With the nights growing longer and the autumn chill slinking in, a young
person’s thoughts turn to Halloween. My thoughts, however, turn to the haunting body of work by Shirley Jackson. So my Five Star Friday recommendation includes not only her provocative short story “The Lottery” but the white-knuckle novel The Haunting of Hill House.
I admit when I taught my middle school students “The Lottery” it was with the intent to identify foreshadowing and other literary devices. But it was also a terrific commentary on the results superstition and not questioning tradition.
And while a ritual human sacrifice at the hands of a violent community is pretty dog-gone scary, the actual ghosts in The Haunting of Hill House can cause scream-out-loud nightmares. But Jackson’s short stories and novels are more than just horror stories. One of the reasons I taught “The Lottery” was for its distinctive imagery and layered meanings.

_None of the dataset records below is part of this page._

(* Let $F:\mathbb{R}^d\to\mathbb{R}^d$ be $L$-Lipschitz, $G:\mathbb{R}^d\rightrightarrows\mathbb{R}^d$ maximally monotone, the solution set of $0\in F(x)+G(x)$ nonempty, $F+G$ maximally $\rho$-cohypomonotone with $\rho>0$, and $\eta>\rho$. Let $\alpha=1-\frac\rho\eta$, $\beta_k=\frac1{k+2}$, $R=\mathrm{Id}-J_{\eta(F+G)}$, $x^\star$ a solution, and let $(x_k)$ be random iterates with $x_{k+1}=\beta_kx_0+(1-\beta_k)((1-\alpha)x_k+\alpha\widetilde J_{\eta(F+G)}(x_k))$, where $\mathbb{E}_k\|\widetilde J_{\eta(F+G)}(x_k)-J_{\eta(F+G)}(x_k)\|^2\le\varepsilon_k^2$. Then for any $\gamma>0$ and $K\ge1$, $$\frac{\alpha K(K+1)}4\mathbb{E}\|R(x_K)\|^2\le\frac{K+1}{K\alpha}\|x^\star-x_0\|^2+\sum_{k=0}^{K-1}\left(\frac{\alpha(\gamma+1)}{2\gamma}(k+1)(k+2)\mathbb{E}[\varepsilon_k^2]+\frac{\gamma\alpha\,\mathbb{E}\|R(x_k)\|^2}2\right).$$
   Context: For an operator $A$, $J_A=(\mathrm{Id}+A)^{-1}$. $F+G$ is $\rho$-cohypomonotone if $\langle u-v,x-y\rangle\ge-\rho\|u-v\|^2$ for all $(x,u),(y,v)$ in its graph; maximal means its graph is not strictly contained in that of another $\rho$-cohypomonotone operator. $\mathbb{E}_k$ is expectation conditioned on the randomness of $x_1,\dots,x_k$; $\varepsilon_k$ may be random and measurable with respect to that conditioning. *)

From HB Require Import structures.
From mathcomp Require Import all_boot all_order all_algebra.
From mathcomp Require Import all_classical all_reals all_analysis.
Set Implicit Arguments. Unset Strict Implicit. Unset Printing Implicit Defensive.
Import Order.TTheory GRing.Theory Num.Theory.
Local Open Scope ring_scope.
Local Open Scope classical_set_scope.

Section Defs.
Variables (R : realType) (d : nat).
Local Notation V := 'rV[R]_d.

Definition edot (u v : V) : R := \sum_(i < d) u ord0 i * v ord0 i.
Definition enorm (u : V) : R := Num.sqrt (edot u u).

Definition e_lipschitz (L : R) (F : V -> V) : Prop :=
  forall x y, enorm (F x - F y) <= L * enorm (x - y).

Definition graph_sub (A B : V -> set V) : Prop := forall x, A x `<=` B x.

Definition monotone_op (A : V -> set V) : Prop :=
  forall x y u v, A x u -> A y v -> 0 <= edot (u - v) (x - y).
(* A wedge has a single centre, so wedge pairs at distinct vertices are
   disjoint families of ordered wedges. *)
Lemma wedge_pairs_at2 {u v} : u != v ->
  (#|wedge_pairs_at u| + #|wedge_pairs_at v| <= 2 * #|W|)%N.
Proof.
move=> nuv.
have disj : wedge_pairs_at u :&: wedge_pairs_at v = set0.
  apply/setP => p; rewrite in_setI !in_wedge_pairs_at in_set0.
  apply/negP => /andP[/and3P[pW u1 u2] /and3P[_ v1 v2]].
  by have := wedge_two pW nuv u1 u2 v1 v2.
have := cardsU (wedge_pairs_at u) (wedge_pairs_at v).
rewrite disj cards0 subn0 => <-; apply: leq_trans _ (card_ordered_pairs W).
apply: subset_leq_card; apply/subsetP => p.
by rewrite in_setU !in_wedge_pairs_at [p \in _]inE => /orP[]/and3P[].
Qed.

(* If every edge of T forms a wedge centred at w with the fixed edge a, then
   T x T injects into the wedge pairs at w: (b, c) is itself a wedge pair when
   b != c, and the diagonal (b, b) is sent to (a, b). *)
Lemma star_sq_le {a : {set V}} {w : V} (T : {set {set V}}) : w \in a ->
  (forall b, b \in T -> ([set a; b] \in W) && (w \in b)) ->
  (#|T| ^ 2 <= #|wedge_pairs_at w|)%N.
Proof.
move=> wa hT.
pose f (p : {set V} * {set V}) := if p.1 == p.2 then (a, p.1) else p.
have aT : a \notin T by apply/negP => /hT/andP[/wedgeP[_ _]]; rewrite eqxx.
have f_inj : {in setX T T &, injective f}.
  move=> [b c] [b' c']; rewrite !inE /f /= => /andP[bT cT] /andP[b'T c'T].
  case: eqP => [<-|_]; case: eqP => [<-|_] //.
  - by case=> ->.
  - by case=> eab _; rewrite eab b'T in aT.
  - by case=> eab _; rewrite -eab bT in aT.
rewrite expnS expn1 -cardsX -(card_in_imset f_inj).
apply: subset_leq_card; apply/subsetP => x /imsetP[[b c]].
rewrite inE /= => /andP[/hT/andP[abW wb] /hT/andP[acW wc]] ->.
rewrite /f /= in_wedge_pairs_at; have [_|nbc] := eqVneq b c; first by rewrite /= abW wa wb.
have [_ bE _ _] := wedgeP abW; have [_ cE _ _] := wedgeP acW.
by rewrite (wedge_mk bE cE nbc wb wc) wb wc.
Qed.
Lemma Vth_eq_on {p a b t} {u v : R -> C} :
  {in `[0, 1], u =1 v} -> Vth p a b t u -> Vth p a b t v.
Proof.
move=> uv [[[g hg] u1] [g0 [hg0 hae]]].
have I0 : (0 : R) \in `[0, 1] by rewrite in_itv /= lexx ler01.
have I1 : (1 : R) \in `[0, 1] by rewrite in_itv /= lexx ler01.
split; first split.
- by exists g; exact: H1_deriv_eq_on uv hg.
- by rewrite -!uv.
by exists g0; split => //; exact: H1_deriv_eq_on uv hg0.
Qed.

Lemma dist_le (N M : set (R -> C)) (B : R) : 0 <= B ->
  (forall u, N u -> H1norm u = 1 -> exists2 v, M v & H1norm (u - v) <= B) ->
  dist N M <= B.
Proof.
move=> B0 NM; rewrite /dist; set S := [set d | _].
have [[d Sd]|S0] := pselect (S !=set0); last first.
  by rewrite sup_out // => -[[d Sd] _]; apply: S0; exists d.
apply: ge_sup; first by exists d.
move=> _ [u [Nu [u1 ->]]]; have [v Mv uv] := NM u Nu u1.
apply: le_trans uv; apply: ge_inf; last by exists v.
by exists 0 => _ [w [_ ->]]; exact: H1norm_ge0.
Qed.

Lemma sqnorm_expi2piB t1 t2 :
  sqnorm (expi2pi t2 - expi2pi t1) = 2 - 2 * cos (2 * pi * t2 - 2 * pi * t1).
Proof.
rewrite /sqnorm /expi2pi /= cosB.
have := cos2Dsin2 (2 * pi * t1); have := cos2Dsin2 (2 * pi * t2).
set c1 := cos (2 * pi * t1); set s1 := sin (2 * pi * t1).
set c2 := cos (2 * pi * t2); set s2 := sin (2 * pi * t2).
by move=> h2 h1; nra.
Qed.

In her review of a new Jackson biography, Shirley Jackson: A Rather Haunted Life by Ruth Franklin, New York Times writer Zoe Heller wrote:
“There’s no question that, in [Jackson’s] books, the house is a deeply ambiguous symbol—a place of warmth and security and also one of imprisonment and catastrophe. But the evil that lurks in Jackson’s fair-seeming homes is not housework; it’s other people—husbands, neighbors, mothers, hellbent on squashing and consuming those they profess to care for. And what keeps women inside these ghastly places is not societal pressure, or a patriarchal jailer, but the demon in their own minds. In this sense, Jackson’s work is less an anticipation of second-wave feminism than a conversation with her female forebears in the gothic tradition.”
Fortunately, there are many options for reading The Haunting of Hill House, “The Lottery” or the many other works by Jackson. For example, in Scary Stories “The Lottery” is one of 20 works by a variety of authors and illustrated by engravings by distinguished artist Barry Moser.
The Haunting of Hill House can be read in hard cover or as an ebook.